Pakistani journalist and cultural critic

Nadeem Farooq Paracha (born 6 February 1967), also known as NFP, is a Pakistani journalist, author, cultural critic, satirist, and historian. He is a columnist for Pakistan's largest English-language daily Dawn.

==Career==

He is the author of ten books on the social and political history of Pakistan. These include The Pakistan Anti-Hero, End of the Past, and Points of Entry.
His sixth book The Reluctant Republic was published in November 2021.
On 11 August 2022, Paracha's seventh book For Faith, State and the Soul was launched. The book is a history of popular culture in Pakistan. It is considered to be Paracha's most ambitious work. In April 2023, Imran Khan: Myth of the Pakistani Middle-Class was published. It is one of the first books to explore the political career of Imran Khan. In the book, Paracha details the rise and slide of Khan's politics. In 2024's Of Reason, Romance and Ruin Paracha traces the political and intellectual origins of the Pakistan Ideology and how instead of unifying an ethnically diverse polity, it has created ethnic and sectarian fissures and promoted Islamism. Paracha also explained the ideology as a postmodernist project.
In 2025, a study by Paracha on the rise of populism, especially in the United States, Brazil and Pakistan was published as his tenth book, We The Mob.
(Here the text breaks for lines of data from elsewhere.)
Lemma mu_prod_S k m : (k <= m)%nat -> mu_prod k (S m) = mu_prod k m * mu m.
Proof.
  intros H. unfold mu_prod. replace (S m - k)%nat with (S (m - k)) by lia.
  rewrite rprod_S. do 2 f_equal. lia.
Qed.

Lemma mu_prod_nil k m : (m <= k)%nat -> mu_prod k m = 1.
Proof. intros H; unfold mu_prod. replace (m - k)%nat with O by lia. reflexivity. Qed.

(* because [mu (r - 1) = 0] *)
Lemma mu_prod_r k : (k < r)%nat -> mu_prod k r = 0.
Proof.
  intros H. unfold mu_prod. rewrite (rprod_factor (r - k) _ (r - k - 1)) by lia.
  replace (k + (r - k - 1))%nat with (r - 1)%nat by lia.
  unfold mu. rewrite Nat.sub_diag. simpl INR. ring.
Qed.

Lemma gam_S_mu m k : (k <= m)%nat -> gam (S m) k = mu m * gam m k.
Proof. intros H; unfold gam. rewrite mu_prod_S by auto. ring. Qed.

Lemma gam_S_S m k : (m < r)%nat -> (k <= m)%nat ->
  gam (S m) (S k) = lam 0 * gam m k + a * (INR m - INR k) * gam m (S k) + a * INR k * gam m k.
Proof.
  intros Hr H. unfold gam. rewrite rprod_S.
  destruct (Nat.eq_dec k m) as [->|Hne].
  - rewrite !mu_prod_nil by lia. unfold lam. rewrite INR_0. ring.
  - rewrite (mu_prod_Sl k m), (mu_prod_S (S k) m) by lia.
    unfold mu, lam. rewrite !minus_INR by lia. rewrite INR_0. ring.
Qed.

Lemma spoly_ext m z z' : (forall j, (j < m)%nat -> z j = z' j) -> spoly m z = spoly m z'.
Proof. intros H. unfold spoly. apply rsum_ext; intros. rewrite (esym_ext _ _ z z'); auto. Qed.

Lemma slope_spoly m z i : slope (spoly m) z i = rsum (S m) (fun k => gam m k * slope (esym m k) z i).
Proof. unfold slope, spoly. rewrite <- rsum_sub. apply rsum_ext; intros; ring. Qed.

Lemma spoly_affine m z i w : spoly m (upd z i w) = spoly m (upd z i 0) + w * slope (spoly m) z i.
Proof.
  rewrite slope_spoly. unfold spoly. rewrite <- rsum_scal, <- rsum_add. apply rsum_ext; intros k _.
  rewrite esym_affine. unfold slope. ring.
Qed.

Lemma rsum_esym_S m (c : nat -> R) z :
  rsum (S (S m)) (fun k => c k * esym (S m) k z) =
  rsum (S m) (fun k => c k * esym m k z) + z m * rsum (S m) (fun k => c (S k) * esym m k z).
Proof.
  rewrite rsum_Sl, (rsum_Sl m (fun k => c k * esym m k z)), !esym_0.
  rewrite (rsum_ext (S m) (fun k => c (S k) * esym (S m) (S k) z)
            (fun k => c (S k) * esym m (S k) z + z m * (c (S k) * esym m k z)))
    by (intros; rewrite esym_S; ring).
  rewrite rsum_add, rsum_scal, (rsum_S m (fun k => c (S k) * esym m (S k) z)), (esym_gt m (S m)) by lia.
  ring.
Qed.

Lemma sum_slope_spoly m z :
  rsum m (slope (spoly m) z) = rsum (S m) (fun k => gam m (S k) * ((INR m - INR k) * esym m k z)).
Proof.
  rewrite (rsum_ext m _ (fun i => rsum (S m) (fun k => gam m k * slope (esym m k) z i)))
    by (intros; apply slope_spoly).
  rewrite rsum_comm, rsum_Sl, (rsum_S m (fun k => gam m (S k) * _)).
  rewrite (rsum_eq0 m (fun i => gam m 0 * slope (esym m 0) z i))
    by (intros; rewrite slope_esym_0; ring).
  rewrite (rsum_ext m _ (fun k => gam m (S k) * ((INR m - INR k) * esym m k z))).
  - ring.
  - intros k _. rewrite rsum_scal, sum_slope_esym. reflexivity.
Qed.
(* Let $n\ge 3$ and $0\le k\le n-3$, and let $G$ be a connected graph of order $n$ with exactly $k$ pendent vertices. Then $$SO(G)\le \frac{(n-k-2)(n-k-1)^2}{\sqrt2}+k\sqrt{(n-1)^2+1}+(n-k-1)\sqrt{(n-1)^2+(n-k-1)^2},$$ with equality if and only if $G$ is isomorphic to the graph obtained by attaching $k$ pendent edges to one vertex of the complete graph $K_{n-k}$.
   Context: For a graph $G$, $d_G(w)$ denotes the degree of vertex $w$, and the Sombor index is $SO(G)=\sum_{ab\in E(G)}\sqrt{d_G(a)^2+d_G(b)^2}$. A pendent vertex is a vertex of degree one. $K_m$ denotes the complete graph on $m$ vertices. *)

From mathcomp Require Import all_boot all_order all_algebra.
Set Implicit Arguments. Unset Strict Implicit. Unset Printing Implicit Defensive.
Import Order.TTheory GRing.Theory Num.Theory.

Definition simple_graph (n : nat) (e : rel 'I_n) : Prop :=
  symmetric e /\ irreflexive e.

Definition connected_graph (n : nat) (e : rel 'I_n) : Prop :=
  forall x y : 'I_n, connect e x y.

Definition deg (n : nat) (e : rel 'I_n) (x : 'I_n) : nat := #|[set y | e x y]|.

Definition num_pendent (n : nat) (e : rel 'I_n) : nat :=
  #|[set x | deg e x == 1%N]|.

Definition sombor (R : rcfType) (n : nat) (e : rel 'I_n) : R :=
  \sum_(a : 'I_n) \sum_(b : 'I_n | ((a < b)%N && e a b))
     Num.sqrt (((deg e a) ^ 2 + (deg e b) ^ 2)%N%:R).

(* K_{n-k} on vertices 0..n-k-1 with k pendent edges attached to vertex 0;
   the pendent vertices are n-k..n-1. *)
Definition kite (n k : nat) : rel 'I_n :=
  fun x y => (x != y) &&
    [|| ((x < n - k)%N && (y < n - k)%N),
        ((val x == 0%N) && (n - k <= y)%N) |
        ((val y == 0%N) && (n - k <= x)%N)].

Definition isomorphic (n : nat) (e1 e2 : rel 'I_n) : Prop :=
  exists f : 'I_n -> 'I_n, bijective f /\ forall x y, e1 x y = e2 (f x) (f y).
Arguments kite n k : clear implicits.

(* Let Q be the non-pendent ("core") vertices, D = |Q| - 1, and npend a the
   number of pendent neighbours of a in Q, so that deg a <= D + npend a.
   Splitting 2 SO(G) into ordered core pairs and pendent edges, monotonicity
   and submodularity of sw(a, b) = sqrt(a^2 + b^2) bound a core pair by
   sw(D, D) + gain(npend a) + gain(npend b), which gives
   2 SO(G) <= |Q| D sw(D, D) + 2 sum_{a in Q} load(npend a).  An exchange
   (convexity) inequality makes load superadditive, strictly for two positive
   arguments, so the sum is at most load(k).  Equality forces a core clique
   with all pendent vertices on one hub, i.e. the kite. *)

From mathcomp Require Import all_boot all_order all_algebra.
From mathcomp Require Import ring lra zify.
Import Order.TTheory GRing.Theory Num.Theory.
Local Open Scope ring_scope.
Set Implicit Arguments. Unset Strict Implicit. Unset Printing Implicit Defensive.

Section Hypot.
Variable R : rcfType.
Implicit Types x y : R.

Definition hypot x y : R := Num.sqrt (x ^+ 2 + y ^+ 2).

Lemma hypot_ge0 x y : 0 <= hypot x y.
Proof. exact: sqrtr_ge0. Qed.

Lemma hypotC x y : hypot x y = hypot y x.
Proof. by rewrite /hypot addrC. Qed.

Lemma ler_sqrt_add (a b c d : R) : 0 <= a -> 0 <= b -> 0 <= c -> 0 <= d ->
  a + b + 2 * Num.sqrt (a * b) <= c + d + 2 * Num.sqrt (c * d) ->
  Num.sqrt a + Num.sqrt b <= Num.sqrt c + Num.sqrt d.
Proof.
move=> a0 b0 c0 d0 h.
rewrite -ler_sqr ?nnegrE ?addr_ge0 ?sqrtr_ge0 // !sqrrD !sqr_sqrtr // -!sqrtrM //.
by rewrite !mulr2n; lra.
Qed.
(* Let $q=4$ and let $k>0$ be an even integer, and put $e=3k$. Then the polynomial $$g=S_{k+1}^2+S_{2k}^{q^k+1}\in\mathbb{F}_2[x]$$ is a permutation polynomial of $\mathbb{F}_{q^e}=\mathbb{F}_{4^{3k}}$.
   Context: For a prime power $q$, $\mathbb{F}_q$ denotes the finite field with $q$ elements, and $p=\operatorname{char}\mathbb{F}_q$. For a positive integer $m$, $S_m=S_{m,q}=x+x^q+x^{q^2}+\cdots+x^{q^{m-1}}\in\mathbb{F}_p[x]$ (with $q$ fixed, written $S_m$). Powers such as $S_m^2$, $S_m^{q^k+1}$ denote powers of the polynomial $S_m$. A polynomial $f\in\mathbb{F}_Q[x]$ is a permutation polynomial (PP) of $\mathbb{F}_Q$ if the map $c\mapsto f(c)$ is a bijection of $\mathbb{F}_Q$. *)

From HB Require Import structures.
From mathcomp Require Import all_boot all_order all_algebra all_field.
Set Implicit Arguments. Unset Strict Implicit. Unset Printing Implicit Defensive.
Import GRing.Theory.
Local Open Scope ring_scope.

(* S_{m,q} = x + x^q + ... + x^(q^(m-1)), a polynomial with 0/1 coefficients,
   viewed in R[x] (its image from F_p[x]). *)
Definition S_poly (R : nzRingType) (q m : nat) : {poly R} :=
  \sum_(i < m) 'X^(q ^ i).

Definition is_PP (F : finFieldType) (f : {poly F}) : Prop :=
  bijective (fun c : F => f.[c]).

From mathcomp Require Import all_boot all_order all_algebra all_field.
From mathcomp Require Import ring.
Set Implicit Arguments. Unset Strict Implicit. Unset Printing Implicit Defensive.
Import GRing.Theory.
Local Open Scope ring_scope.

(* Write Q = 4^k, y = S_k(x), A = S_{k+1}(x) = y + x^Q and B = S_{2k}(x) = y + y^Q,
   so that y^4 = y + x^Q + x.  In characteristic 2 this gives
     g(x) + B^8 = x^2 + x^(2Q) + x^(2Q^2) + y y^Q + y^Q y^(Q^2) + y^(Q^2) y,
   which is invariant under z |-> z^Q, an automorphism of order 3 of F = F_(Q^3);
   moreover B + B^Q + B^(Q^2) = 0.  If g(x) = g(x + d), then B(d)^8 is the
   difference of two Q-invariant values, hence Q-invariant, and its "trace"
   B(d)^8 + B(d)^(8Q) + B(d)^(8Q^2) = 3 B(d)^8 = B(d)^8 vanishes; so B(d) = 0,
   then A(d) = 0, and for k even these two equations force d = 0. *)

Definition S4 (R : nzRingType) (m : nat) (c : R) : R := \sum_(i < m) c ^+ (4 ^ i).

Definition g (R : nzRingType) (k : nat) (c : R) : R :=
  S4 k.+1 c ^+ 2 + S4 (2 * k) c ^+ (4 ^ k + 1).

Lemma horner_S_poly (R : comNzRingType) (m : nat) (c : R) :
  (S_poly R 4 m).[c] = S4 m c.
Proof. by rewrite horner_sum; apply: eq_bigr => i _; rewrite hornerXn. Qed.

Lemma expr_fix_expn (R : nzRingType) (d : R) (n j : nat) :
  d ^+ n = d -> d ^+ (n ^ j) = d.
Proof. by move=> dn; elim: j => [|j IHj]; rewrite ?expr1 // expnSr exprM IHj. Qed.

Section CharTwo.

Variable R : comNzRingType.
Hypothesis R2 : 2 \in [pchar R].

Lemma exprD_pow2 (n : nat) (a b : R) :
  (a + b) ^+ (2 ^ n) = a ^+ (2 ^ n) + b ^+ (2 ^ n).
Proof. by rewrite exprDn_pchar // pnatX pnatE // R2. Qed.

Lemma exprD_pow4 (n : nat) (a b : R) :
  (a + b) ^+ (4 ^ n) = a ^+ (4 ^ n) + b ^+ (4 ^ n).
Proof. by rewrite -[4%N]/(2 ^ 2)%N -expnM exprD_pow2. Qed.

Lemma sqrrD_pchar2 (a b : R) : (a + b) ^+ 2 = a ^+ 2 + b ^+ 2.
Proof. exact: (exprD_pow2 1). Qed.

Lemma expr_sum_pow4 (n m : nat) (f : 'I_m -> R) :
  (\sum_(i < m) f i) ^+ (4 ^ n) = \sum_(i < m) f i ^+ (4 ^ n).
Proof.
apply: (big_morph (fun x : R => x ^+ (4 ^ n))); first exact: exprD_pow4.
by rewrite expr0n expn_eq0.
Qed.

Lemma S4D (m : nat) : {morph @S4 R m : a b / a + b}.
Proof.
by move=> a b; rewrite /S4 -big_split; apply: eq_bigr => i _; rewrite exprD_pow4.
Qed.

Lemma S4_addn (m n : nat) (c : R) : S4 (m + n) c = S4 m c + S4 n c ^+ (4 ^ m).
Proof.
rewrite /S4 big_split_ord expr_sum_pow4; congr (_ + _).
by apply: eq_bigr => i _; rewrite -exprM -expnD [(i + m)%N]addnC.
Qed.

Lemma S4_1 (c : R) : S4 1 c = c.
Proof. by rewrite /S4 big_ord1 expr1. Qed.

Lemma S4S (m : nat) (c : R) : S4 m.+1 c = S4 m c + c ^+ (4 ^ m).
Proof. by rewrite -addn1 S4_addn S4_1. Qed.

Lemma S4Sr (m : nat) (c : R) : S4 m.+1 c = c + S4 m c ^+ 4.
Proof. by rewrite -add1n S4_addn S4_1. Qed.

Lemma S4_double (m : nat) (c : R) : S4 (2 * m) c = S4 m c + S4 m c ^+ (4 ^ m).
Proof. by rewrite mul2n -addnn S4_addn. Qed.

Lemma S4_eq0_fix (m : nat) (d : R) : S4 m d = 0 -> d ^+ (4 ^ m) = d.
Proof. by move=> Sd0; have := S4Sr m d; rewrite S4S Sd0 expr0n add0r addr0. Qed.

Lemma S4_eq0_even (k : nat) (d : R) : ~~ odd k ->
  S4 k.+1 d = 0 -> S4 (2 * k) d = 0 -> d = 0.
Proof.
move=> k_even /[dup] A0 /S4_eq0_fix dA /S4_eq0_fix dB.
have d16 : d ^+ (4 * 4) = d.
  have : d ^+ (4 ^ k.+1 * 4 ^ k.+1) = d by rewrite exprM dA dA.
  by rewrite -expnD addnS addSn addnn -mul2n !expnSr -mulnA exprM dB.
have dQ : d ^+ (4 ^ k) = d.
  by rewrite -(odd_double_half k) (negbTE k_even) add0n -mul2n expnM expr_fix_expn.
have d4 : d ^+ 4 = d by rewrite -{2}dA expnSr exprM dQ.
move: A0; rewrite /S4 (eq_bigr (fun=> d)) => [|i _]; last exact: expr_fix_expn.
rewrite sumr_const card_ord -mulr_natl -addn1 natrD.
have -> : k%:R = 0 :> R by apply/eqP; rewrite -(dvdn_pcharf R2) dvdn2.
by rewrite add0r mul1r.
Qed.

Lemma g_add_S4_double_pow8 (k : nat) (c : R) :
  let y := S4 k c in let Q := (4 ^ k)%N in
  g k c + S4 (2 * k) c ^+ 8 =
    c ^+ 2 + c ^+ Q ^+ 2 + c ^+ Q ^+ Q ^+ 2
    + y * y ^+ Q + y ^+ Q * y ^+ Q ^+ Q + y ^+ Q ^+ Q * y.
Proof.
move=> y /=.
have y4 : y ^+ 4 = y + c ^+ (4 ^ k) + c.
  by rewrite -(addKr_pchar2 R2 c (y ^+ 4)) -S4Sr S4S addrC.
have y4Q : y ^+ (4 ^ k) ^+ 4 = y ^+ (4 ^ k) + c ^+ (4 ^ k) ^+ (4 ^ k) + c ^+ (4 ^ k).
  by rewrite exprAC y4 !exprD_pow4.
rewrite /g S4S S4_double -/y addn1 [_ ^+ (4 ^ k).+1]exprSr exprD_pow4.
rewrite -[8%N]/(4 * 2)%N exprM -[4%N]/(4 ^ 1)%N exprD_pow4 expn1 y4 y4Q.
move: (c ^+ _) (c ^+ _ ^+ _) (y ^+ _) (y ^+ _ ^+ _) => x1 x2 y1 y2.
rewrite !sqrrD_pchar2 -[RHS]addr0 -(addrr_pchar2 R2 (y ^+ 2 + x1 ^+ 2 + y1 ^+ 2)).
ring.
Qed.

End CharTwo.

Section FiniteField.

Variables (F : finFieldType) (k : nat).
Hypothesis cardF : #|F| = (4 ^ (3 * k))%N.
Local Notation Q := (4 ^ k)%N.

Lemma card_pchar2 : 2 \in [pchar F].
Proof. by apply: (card_finPcharP (n := 2 * (3 * k))); rewrite ?cardF ?expnM. Qed.

Let F2 := card_pchar2.

Lemma exprQ3 (z : F) : z ^+ Q ^+ Q ^+ Q = z.
Proof. by rewrite -!exprM -!expnD -{2}(expf_card z) cardF !mulSn mul0n addn0 addnA. Qed.

Lemma g_add_S4_double_pow8_fixed (c : F) :
  (g k c + S4 (2 * k) c ^+ 8) ^+ Q = g k c + S4 (2 * k) c ^+ 8.
Proof.
rewrite g_add_S4_double_pow8 //; set y := S4 k c.
rewrite !(exprD_pow4 F2, exprMn) !exprQ3.
by move: (c ^+ Q) (c ^+ Q ^+ Q) (y ^+ Q) (y ^+ Q ^+ Q) => x1 x2 y1 y2; ring.
Qed.

Lemma S4_double_trace (c : F) :
  let b := S4 (2 * k) c in b + b ^+ Q + b ^+ Q ^+ Q = 0.
Proof.
rewrite /= S4_double // !exprD_pow4 // exprQ3.
move: (S4 k c) (S4 k c ^+ Q) (S4 k c ^+ Q ^+ Q) => y y1 y2.
by rewrite -(addrr_pchar2 F2 (y + y1 + y2)); ring.
Qed.

Lemma g_injective : ~~ odd k -> injective (g k : F -> F).
Proof.
move=> k_even x x' gxx'.
pose G (c : F) := g k c + S4 (2 * k) c ^+ 8.
pose d := x' + x.
have x'E : x' = x + d by rewrite /d addrC addrK_pchar2.
set w := S4 (2 * k) d ^+ 8.
have S4x' m : S4 m x' = S4 m x + S4 m d by rewrite x'E S4D.
have GxE : G x' = G x + w.
  by rewrite /G gxx' S4x' -[8%N]/(2 ^ 3)%N exprD_pow2 // addrA.
have wQ : w ^+ Q = w.
  have -> : w = G x' + G x by rewrite GxE addrAC addrr_pchar2 // add0r.
  by rewrite exprD_pow4 // !g_add_S4_double_pow8_fixed.
have w0 : w = 0.
  have := congr1 (fun z => z ^+ 8) (S4_double_trace d).
  rewrite /= -[8%N]/(2 ^ 3)%N !exprD_pow2 // -[(2 ^ 3)%N]/8%N !(exprAC _ Q 8) -/w.
  by rewrite !wQ addrr_pchar2 // add0r expr0n.
have Bd0 : S4 (2 * k) d = 0 by move/eqP: w0; rewrite /w expf_eq0 => /eqP.
have Ad0 : S4 k.+1 d = 0.
  move: gxx'; rewrite /g !S4x' Bd0 addr0 sqrrD_pchar2 // [RHS]addrAC -[LHS]addr0.
  by move=> /addrI /esym /eqP; rewrite expf_eq0 => /eqP.
by rewrite x'E (S4_eq0_even F2 k_even Ad0 Bd0) addr0.
Qed.

End FiniteField.

Theorem theorem2p1 (F : finFieldType) (k : nat) :
  (0 < k)%N -> ~~ odd k -> #|F| = (4 ^ (3 * k))%N ->
  is_PP ((S_poly F 4 k.+1) ^+ 2 + (S_poly F 4 (2 * k)) ^+ (4 ^ k + 1)).
Proof.
(* 0 < k is implied by #|F| > 1. *)
move=> _ k_even cardF; apply: injF_bij => x x' /=.
rewrite !hornerD !horner_exp !horner_S_poly.
exact: g_injective.
Qed.
Lemma orth_frame_dim1 (F : fieldType) (Q : 'rV[F]_1 -> F) (gT : finGroupType)
    (G : {set gT}) (rep : gT -> 'M[F]_1) :
  is_quadform Q -> qf_nondegenerate Q -> has_orth_frame Q G rep.
Proof.
move=> qfQ ndQ; pose v : 'rV[F]_1 := 1%:M.
have scal (w : 'rV[F]_1) : w = w 0 0 *: v by rewrite {1}(mx11_scalar w) -scalemx1.
exists (fun _ => v); split => [_ | i j | g _ i].
- apply/eqP => bv0; have : v = 0.
    by apply: ndQ => w; rewrite [w]scal (polarZr qfQ) bv0 mulr0.
  by move/matrixP/(_ 0 0); rewrite !mxE /= => /eqP; rewrite oner_eq0.
- by rewrite !ord1 eqxx.
- by exists i, ((v *m rep g) 0 0); rewrite -scal.
Qed.

Lemma orth_frame_exists (F : fieldType) (n : nat) : orth_frame_statement F n.
Proof.
elim/ltn_ind: n => n IH gT G rG Q two oddn qfQ ndQ isoG solG irrG.
pose Z := [set g in G | (rG g == 1%:M) || (rG g == - 1%:M)].
have [GZ | nGZ] := boolP (G \subset Z).
  have n1 : n = 1%N.
    apply: (mx_irr_scalar_dim1 irrG) => g Gg; have := subsetP GZ g Gg.
    by rewrite inE Gg => /orP[] /eqP ->; rewrite -?raddfN scalar_mx_is_scalar.
  by clear IH isoG irrG; subst n; apply: orth_frame_dim1.
have Z1 : 1%g \in Z by rewrite inE group1 repr_mx1 eqxx.
have [m [nMZ MZ]] := derived_last_outside solG Z1 nGZ.
have nsMG : ([group of G^`(m)] <| G)%g := der_normal m G.
have cM : {in G^`(m) &, forall x y, rG x *m rG y = rG y *m rG x}%g.
  move=> x y Mx My; have sMG := subsetP (normal_sub nsMG).
  apply: sign_commutator_commute two oddn (sMG x Mx) (sMG y My) _.
  have : [~ x, y]%g \in Z by apply: (subsetP MZ); rewrite dergSn mem_commg.
  by rewrite inE => /andP[_ /orP[] /eqP]; [left | right].
have [a Ma nZa] := subsetPn nMZ.
have [sH] : inhabited (socleType (subg_repr rG (normal_sub nsMG))).
  apply: classically_elim => b hb.
  by apply: (socle_exists (subg_repr rG (normal_sub nsMG)) b) => sH; apply: hb.
have [W _ _] := imsetP (Clifford_atrans irrG sH).
have sH_gt0 : (0 < #|sH|)%N by apply/card_gt0P; exists W.
have [sH1 | sH_gt1] : #|sH| = 1%N \/ (1 < #|sH|)%N by lia.
  move: nZa; rewrite inE (subsetP (der_sub m G) a Ma) /=.
  by case: (homogeneous_abelian_sign qfQ ndQ irrG isoG oddn two Ma sH1 cM) => ->;
    rewrite eqxx ?orbT.
exact: (imprimitive_orth_frame qfQ ndQ irrG isoG oddn W two solG IH sH_gt1).
Qed.

Lemma orth_frame_row_free (F : fieldType) n (Q : 'rV[F]_n -> F) m (v : 'I_m -> 'rV[F]_n) :
  is_quadform Q -> (forall i, polar Q (v i) (v i) != 0) ->
  (forall i j, i != j -> polar Q (v i) (v j) = 0) -> row_free (\matrix_i v i).
Proof.
move=> qfQ anv orv; rewrite -kermx_eq0; apply/eqP/row_matrixP => k; rewrite row0.
set w := row k _; have wV : w *m (\matrix_i v i) = 0 by apply/sub_kermxP; apply: row_sub.
apply/rowP => j; have := congr1 (fun z => polar Q z (v j)) wV.
rewrite (polar0l qfQ) mulmx_sum_row (polar_suml qfQ) (bigD1 j) //= big1 => [|i nij].
  rewrite addr0 rowK (polarZl qfQ) => /eqP; rewrite mulf_eq0 (negPf (anv j)) orbF.
  by rewrite !mxE => /eqP.
by rewrite rowK (polarZl qfQ) orv ?mulr0.
Qed.

Lemma orth_frame_lines (F : fieldType) n (Q : 'rV[F]_n -> F) (gT : finGroupType)
    (G : {group gT}) (rG : mx_representation F G n) (v : 'I_n -> 'rV[F]_n) :
  is_quadform Q -> orth_frame Q G rG v ->
  [/\ forall i, \rank <<v i>>%MS = 1%N,
      (\sum_i <<v i>> :=: 1%:M)%MS,
      mxdirect (\sum_i <<v i>>%MS),
      forall i j, i != j -> forall u w : 'rV_n,
        (u <= <<v i>>)%MS -> (w <= <<v j>>)%MS -> polar Q u w = 0
    & forall g, g \in G -> forall i, exists j, (<<v i>> *m rG g :=: <<v j>>)%MS].
Proof.
move=> qfQ [anv orv pmv].
have nzv i : v i != 0 by apply: contraNneq (anv i) => ->; rewrite (polar0l qfQ).
have rank_v i : \rank <<v i>>%MS = 1%N by rewrite mxrank_gen rank_rV nzv.
have line_v i (u : 'rV_n) : (u <= <<v i>>)%MS -> exists c, u = c *: v i.
  rewrite genmxE => /submxP[D ->]; exists (D 0 0).
  by rewrite {1}[D]mx11_scalar mul_scalar_mx.
have sumV : (\sum_i <<v i>> :=: 1%:M)%MS.
  apply/eqmxP; rewrite submx1 /=.
  have fullV : row_full (\matrix_i v i).
    by rewrite row_full_unit -row_free_unit (orth_frame_row_free qfQ anv orv).
  rewrite -sub1mx in fullV; apply: submx_trans fullV _.
  by apply/row_subP => i; rewrite rowK (sumsmx_sup i) // genmxE.
split => //.
- rewrite mxdirectE /= sumV mxrank1 (eq_bigr (fun _ => 1%N)) //.
  by rewrite sum_nat_const card_ord muln1.
- move=> i j nij u w /line_v[a ->] /line_v[c ->].
  by rewrite (polarZl qfQ) (polarZr qfQ) orv ?mulr0.
- move=> g Gg i; have [j [c vg]] := pmv g Gg i; exists j.
  have nzc : c != 0.
    apply: contraNneq (nzv i) => c0; move: vg; rewrite c0 scale0r => vg.
    by rewrite -(repr_mxK rG Gg (v i)) vg mul0mx.
  apply: eqmx_trans (eqmxMr _ (genmxE _)) _; rewrite vg.
  exact: eqmx_trans (eqmx_scale _ nzc) (eqmx_sym (genmxE _)).
Qed.

Theorem theorem1p1 (F : fieldType) (n : nat) (Q : 'rV[F]_n -> F)
    (gT : finGroupType) (G : {group gT}) (rG : mx_representation F G n) :
  (2%:R : F) != 0 ->
  odd n ->
  is_quadform Q ->
  qf_nondegenerate Q ->
  mx_faithful rG ->
  (forall g, g \in G -> forall v, Q (v *m rG g) = Q v) ->
  solvable G ->
  mx_irreducible rG ->
  exists W : 'I_n -> 'M[F]_n,
    [/\ (forall i, \rank (W i) = 1%N),
        (\sum_i W i :=: 1%:M)%MS,
        mxdirect (\sum_i W i),
        (forall i j, i != j -> forall u v : 'rV[F]_n,
            (u <= W i)%MS -> (v <= W j)%MS -> polar Q u v = 0)
      & (forall g, g \in G -> forall i, exists j, (W i *m rG g :=: W j)%MS)].
Proof.
move=> two oddn qfQ ndQ _ isoG solG irrG.
have [v frame_v] := orth_frame_exists two oddn qfQ ndQ isoG solG irrG.
by exists (fun i => <<v i>>%MS); apply: orth_frame_lines.
Qed.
Paracha is also a Research Scholar and Reagan-Fascell Fellow at the International Forum for Democratic Studies in Washington DC, and a consultant for Adcom Leo Burnett Worldwide.

Paracha graduated from the Karachi Grammar School in 1983. He then enrolled in a state-owned college in Karachi where he was active as a Marxist student leader. After college, he joined journalism. Over the last decade, he has often described himself as a Muslim modernist, a progressive Pakistani nationalist, and a democrat. He is also a harsh critic of postmodernism and is staunchly against the mixing of religion with politics.

==Works==
- Academic articles
- "Student Politics in Pakistan: A Celebration, Lament & History"
- Books
- End of the past : An immediate eyewitness history of a troubled nation, Lahore : Vanguard Books, 2016, 234 p.
- The Pakistan Anti-Hero : History of Pakistani nationalism through the lives of iconoclasts, Lahore : Vanguard Books, 2017, 396 p.
- Points of Entry : Encounters at the origin-sites of Pakistan, Chennai : Tranquebar, 2018, 160 p.
- Muslim modernism : A case for Naya Pakistan, Lahore : Vanguard Books, 2019, 162 p.
- Soul Rivals : State, Militant and Pop Sufism in Pakistan, Chennai : Tranquebar, 2020, 128 p.
- The Reluctant Republic: Ethos And Mythos Of Pakistan, Lahore: Vanguard Books, 2021, 147 p.
- For Faith, State and the Soul: A History of Popular Culture in Pakistan, Karachi: Markings, 2022, 204 p.
- Imran Khan: Myth of the Pakistani Middle-Class, Lahore: Vanguard Books, 2023, 214 p.
- Of Reason, Romance and Ruin: A Conceptual History of the Pakistan Ideology , Lahore: Vanguard Books, 2024, 177 p.
- We The Mob: A Stream-of-Thought Exploration of Three Populist Uprisings , Lahore: Vanguard Books, 2024, 153 p.